Parents key to reading skills

According to a recent study done at Boston College, not only are Canadians leading the way in reading comprehension, and they have their parents to thank.

The Progress in International Reading Literacy Study, or PIRLS, which was released in December, showed that students in Ontario, Alberta, Nova Scotia and British Columbia were amongst the best readers within the 40 countries studied.

“Canadian students as a whole fared quite well,” said Pierre Foy, the Director of sampling and data analysis and one of the researchers at Boston College. “Amongst the five participating provinces, four of them were near the top and [only] Quebec was lacking behind.”

The study looked at fourth grade students from a variety of backgrounds, and included private, catholic and other religious and language based schools in the country.
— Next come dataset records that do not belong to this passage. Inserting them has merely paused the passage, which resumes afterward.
(* For $n\in\mathbb{N}$, $q>0$ and $M_n\in\{0,1,\dots,n-1\}$, $$\mathcal{P}_n^q(\mathcal{S}(n,M_n))=\begin{cases} q\,\dfrac{M_n}{n}\Big(\dfrac{n!}{M_n!}\,\dfrac{1}{\prod_{l=M_n}^{n-1}(l+q)}\Big)\displaystyle\sum_{j=M_n}^{n-1}\frac1j, & M_n\in\{1,\dots,n-1\};\\[2ex] \dfrac{(n-1)!}{\prod_{l=1}^{n-1}(l+q)}, & M_n=0.\end{cases}$$
   Context: For $n\in\mathbb{N}$ and $q>0$, $P_n^{\mathrm{LR}^-;q}$ is the probability measure on $S_n$ given by $P_n^{\mathrm{LR}^-;q}(\sigma)=q^{\mathrm{LR}^-_n(\sigma)}/(q(q+1)\cdots(q+n-1))$, where $\mathrm{LR}^-_n(\sigma)=|\{j\in[n]:\sigma_j=\min\{\sigma_i:1\le i\le j\}\}|$ is the number of left-to-right minima of $\sigma$. Secretary problem setting: $n$ items with ranks $1,\dots,n$ (rank $1$ is the highest) arrive one at a time; $\sigma=\sigma_1\cdots\sigma_n\in S_n$ means the $j$th arriving item has rank $\sigma_j$, and $\sigma$ is random with law $P_n^{\mathrm{LR}^-;q}$. The observer only sees relative ranks of items arrived so far and must select or irrevocably reject each item; the last item must be accepted if reached. For $M_n\in\{0,\dots,n-1\}$, the strategy $\mathcal{S}(n,M_n)$ rejects the first $M_n$ items and then selects the first later item ranked higher than all of the first $M_n$ items (if no such item exists, the last item is taken); $\mathcal{S}(n,0)$ selects the first item. $\mathcal{P}_n^{q}(\mathcal{S}(n,M_n))$ is the probability under $P_n^{\mathrm{LR}^-;q}$ that $\mathcal{S}(n,M_n)$ selects the item of rank $1$. *)

From HB Require Import structures.
From mathcomp Require Import all_boot all_order all_fingroup all_algebra.
Set Implicit Arguments. Unset Strict Implicit. Unset Printing Implicit Defensive.
Import Order.TTheory GRing.Theory Num.Theory.

(* Conventions: positions 1..n are encoded as j : 'I_n (position j+1),
   ranks 1..n as values of s : 'S_n (rank r encoded as r-1); so the item of
   rank 1 is the one with value 0. *)

Definition LRmin n (s : 'S_n) : nat :=
  #|[set j : 'I_n | [forall i : 'I_n, (i <= j)%N ==> (s j <= s i)%N]]|.

Definition PLR (R : realFieldType) n (q : R) (s : 'S_n) : R :=
  q ^+ LRmin s / \prod_(i < n) (q + i%:R).

Definition beats_first n (M : nat) (s : 'S_n) (j : 'I_n) : bool :=
  [forall i : 'I_n, (i < M)%N ==> (s j < s i)%N].

Definition sel_pos n (M : nat) (s : 'S_n) : nat :=
  if M == 0%N then 0%N
  else head n.-1
         [seq val j | j <- [seq j : 'I_n <- enum 'I_n | (M <= j)%N && beats_first M s j]].

Definition success n (M : nat) (s : 'S_n) : bool :=
  [exists j : 'I_n, (val j == sel_pos M s) && (val (s j) == 0%N)].

Definition succ_prob (R : realFieldType) n (q : R) (M : nat) : R :=
  \sum_(s : 'S_n | success M s) PLR q s.

(* Under the uniform measure on permutations, the events "position j is a
   left-to-right minimum" are independent: a permutation of n+1 items is the
   relative order t of the first n items together with the rank v of the last
   one, its minima among the first n positions are those of t, and the last
   item is a minimum iff v is the best rank.  Hence for arbitrary weights
   sum_s prod_j (if j is a minimum of s then a_j else b_j) = prod_j (a_j + j b_j).
   The strategy S(n,M) picks the first left-to-right minimum at or after
   position M (for M = 0 the first item, always a minimum), whereas the best
   item is the last left-to-right minimum; so it succeeds iff exactly one
   minimum lies in [M, n).  Splitting this event according to the position m
   of that minimum and applying the product formula gives
   P = sum_(M <= m < n) prod_(j < M) (q + j) * q * prod_(M <= j < n, j <> m) j
       / prod_(j < n) (q + j),
   which simplifies to the stated closed form. *)

From HB Require Import structures.
From mathcomp Require Import all_boot all_order all_fingroup all_algebra.
From mathcomp Require Import ring.
Import Order.TTheory GRing.Theory Num.Theory.
Set Implicit Arguments. Unset Strict Implicit. Unset Printing Implicit Defensive.
Local Open Scope ring_scope.

Definition lrmin n (s : 'S_n) (j : 'I_n) : bool :=
  [forall i : 'I_n, (i <= j)%N ==> (s j <= s i)%N].

Lemma lrmin_lift_perm n (v : 'I_n.+1) (t : 'S_n) (j : 'I_n) :
  lrmin (lift_perm ord_max v t) (lift ord_max j) = lrmin t j.
Proof.
apply/forallP/forallP => lrj i.
  by have := lrj (lift ord_max i); rewrite !lift_perm_lift !lift_max /= leq_bump2.
case: (unliftP ord_max i) => [i'|] ->.
  by have := lrj i'; rewrite !lift_perm_lift !lift_max /= leq_bump2.
by rewrite lift_max /= leqNgt ltn_ord.
Qed.

Lemma lrmin_max n (s : 'S_n.+1) : lrmin s ord_max = (s ord_max == ord0).
Proof.
apply/forallP/eqP => [lrmax | -> i]; last by rewrite leq0n implybT.
apply: val_inj; apply/eqP; rewrite /= -leqn0.
by have := lrmax (s^-1 ord0)%g; rewrite permKV -ltnS ltn_ord.
Qed.

Lemma lift_perm_max_bij n :
  bijective (fun p : 'S_n * 'I_n.+1 => lift_perm ord_max p.2 p.1).
Proof.
apply: inj_card_bij; last by rewrite card_prod !card_Sn card_ord factS mulnC.
move=> [t v] [t' v'] /= eq_lift.
have eq_v : v = v' by rewrite -(lift_perm_id ord_max v t) eq_lift lift_perm_id.
congr (_, _) => //; apply/permP => k; apply: (@lift_inj _ v).
by rewrite -!(lift_perm_lift ord_max) eq_lift eq_v.
Qed.

Lemma sum_prod_lrmin (R : pzSemiRingType) n (a b : nat -> R) :
  \sum_(s : 'S_n) \prod_(j < n) (if lrmin s j then a j else b j)
  = \prod_(j < n) (a j + j%:R * b j).
Proof.
elim: n => [|n IHn].
  by rewrite big_ord0 (eq_bigr (fun=> 1)) => [|s _]; rewrite ?big_ord0 // sumr_const card_Sn.
have sum_last : \sum_(v < n.+1) (if v == ord0 then a n else b n) = a n + n%:R * b n.
  by rewrite big_ord_recl eqxx (eq_bigr (fun=> b n)) // sumr_const card_ord mulr_natl.
rewrite big_ord_recr /= -IHn mulr_suml -sum_last.
under [RHS]eq_bigr do rewrite mulr_sumr.
rewrite pair_big (reindex _ (onW_bij _ (lift_perm_max_bij n))) /=.
apply: eq_bigr => -[t v] _ /=.
rewrite big_ord_recr /= lrmin_max lift_perm_id; congr (_ * _).
apply: eq_bigr => j _.
have -> : widen_ord (leqnSn n) j = lift ord_max j by exact/val_inj/esym/lift_max.
by rewrite lrmin_lift_perm.
Qed.

Variant first_spec n (P : pred 'I_n) (d : nat) : nat -> Type :=
  | FirstNone of (forall j, ~~ P j) : first_spec P d d
  | FirstSome (p : 'I_n) of P p & (forall j, P j -> p <= j)%N : first_spec P d p.

Lemma firstP n (P : pred 'I_n) d :
  first_spec P d (head d [seq val j | j <- filter P (enum 'I_n)]).
Proof.
have ltn_val_trans : transitive (relpre (@nat_of_ord n) ltn) by move=> ? ? ?; exact: ltn_trans.
have sorted_enum : sorted (relpre (@nat_of_ord n) ltn) (enum 'I_n).
  by rewrite -sorted_map val_enum_ord iota_ltn_sorted.
have memP j : (j \in filter P (enum 'I_n)) = P j by rewrite mem_filter mem_enum andbT.
move: (sorted_filter ltn_val_trans P sorted_enum) memP.
case: (filter P (enum 'I_n)) => [|p l] /= sorted_pl memP.
  by constructor => j; rewrite -memP.
constructor => [|j]; first by rewrite -memP mem_head.
rewrite -memP inE => /predU1P [-> // | lj].
exact/ltnW/(allP (order_path_min ltn_val_trans sorted_pl)).
Qed.

Lemma cards_eq1_span n (A : {set 'I_n}) (a b : 'I_n) :
  a \in A -> b \in A -> (forall j, j \in A -> a <= j <= b)%N ->
  (#|A| == 1%N) = (val a == val b).
Proof.
move=> Aa Ab A_span; apply/cards1P/idP => [[x defA] | eq_ab].
  by move: Aa Ab; rewrite defA !inE => /eqP-> /eqP->.
exists a; apply/setP => j; rewrite inE; apply/idP/eqP => [Aj | ->//].
have /andP [le_aj le_jb] := A_span j Aj.
by apply/val_inj/eqP; rewrite eqn_leq le_aj (eqP eq_ab) le_jb.
Qed.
The organization gathered a collection of experts from around the world to help evaluate the students, and it was then that they decided that the fourth graders were the ideal subjects.

“Education relies heavily on children being able to read to then move on to learn all the other subjects,” Foy explained. “At this point children have learned the basic skills for reading and are ready to move on to use the reading skills in learning other subjects.

“As we like to say they're transitioning from learning to read to reading to learn.”

The study, Foy explained, is done in the hopes that the research will be taken into consideration by the respective governments, the public as well as other researchers will continue their work.

“We generally produce relatively straight forward statistics that hint at the kind of relationships between background information and achievement,” Foy continued. “And it's our hope that people then use the database to expand in that secondary analysis.”

But it wasn't Canada's results that were surprising, it was the influence the parents had on their student.

The questions were not only directed towards the students however, as all teachers, school directors and parents were all questioned about what goes on at home, how reading is taught in schools and how educational resources are allocated.

“The most striking result is how influential what goes on in the home is, especially before children enter school,” said Foy. “For example, parent's who say that they've shown the alphabet, numbers, read to them, done bed time stories, all before going to school- their children seem to do far better than when that doesn't happen.”